Start of RECORDS

Lemma sep_facet_normal y : minimizes_normal_cones P Q -> sep_dir P Q y ->
  exists y', sep_dir P Q y' /\ exists F, is_facet P F /\ normal_cone P F y'.
Proof.
move=> Q_min /(ascent Q_min) [y1 [sep1 [const|facet]]]; last first.
  by exists y1; split=> //; exists (face_in P y1); split=> //; exact: normal_cone_face_in.
have [point|/existsNP [l /eqP l_neq]] := pselect (forall l, row l V = row 0 V).
  exists y1; split=> //; exists set0; split=> [|x z []].
  exact: facet_set0_of_point.
have [z facet_z] := exists_facet_dir l_neq.
have [t t_gt0 sep_t] := sep_dir_perturb z sep1.
exists (y1 + t *: z); split=> //; exists (face_in P z); split=> //.
by rewrite -(face_in_tilt z const t_gt0); exact: normal_cone_face_in.
Qed.

End Polytopes.

Unset Implicit Arguments.

Theorem lemma2p4 (R : realType) (d : nat) (P Q : set 'rV[R]_d) :
  is_polytope P -> is_polytope Q -> P `&` Q = set0 ->
  minkowski_equivalent P (oppset Q) ->
  exists (y : 'rV[R]_d) (c : R),
    strictly_separates P Q y c /\
    exists F : set 'rV[R]_d, is_facet P F /\ normal_cone P F y.
Proof.
move=> [n [V ->]] [m [W ->]] PQ0 PQeq.
have [y0 sep0] := sep_dir_of_disjoint PQ0.
have Q_min := minimizes_normal_cones_of_minkowski_opp PQeq.
have [y [sep_y facet_y]] := sep_facet_normal Q_min sep0.
have [c sep_c] := strictly_separates_of_sep_dir sep_y.
by exists y, c.
Qed.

End of RECORDS

:: WHAT YOU NEED TO DO ::
Among the entries above, locate the lines containing "exact: facet_set0_of_point." and "strictly_separates P Q y c /\", and transcribe exactly those two lines and all lines between.

:: RESULT OF THIS EXERCISE ::
  exact: facet_set0_of_point.
have [z facet_z] := exists_facet_dir l_neq.
have [t t_gt0 sep_t] := sep_dir_perturb z sep1.
exists (y1 + t *: z); split=> //; exists (face_in P z); split=> //.
by rewrite -(face_in_tilt z const t_gt0); exact: normal_cone_face_in.
Qed.

End Polytopes.

Unset Implicit Arguments.

Theorem lemma2p4 (R : realType) (d : nat) (P Q : set 'rV[R]_d) :
  is_polytope P -> is_polytope Q -> P `&` Q = set0 ->
  minkowski_equivalent P (oppset Q) ->
  exists (y : 'rV[R]_d) (c : R),
    strictly_separates P Q y c /\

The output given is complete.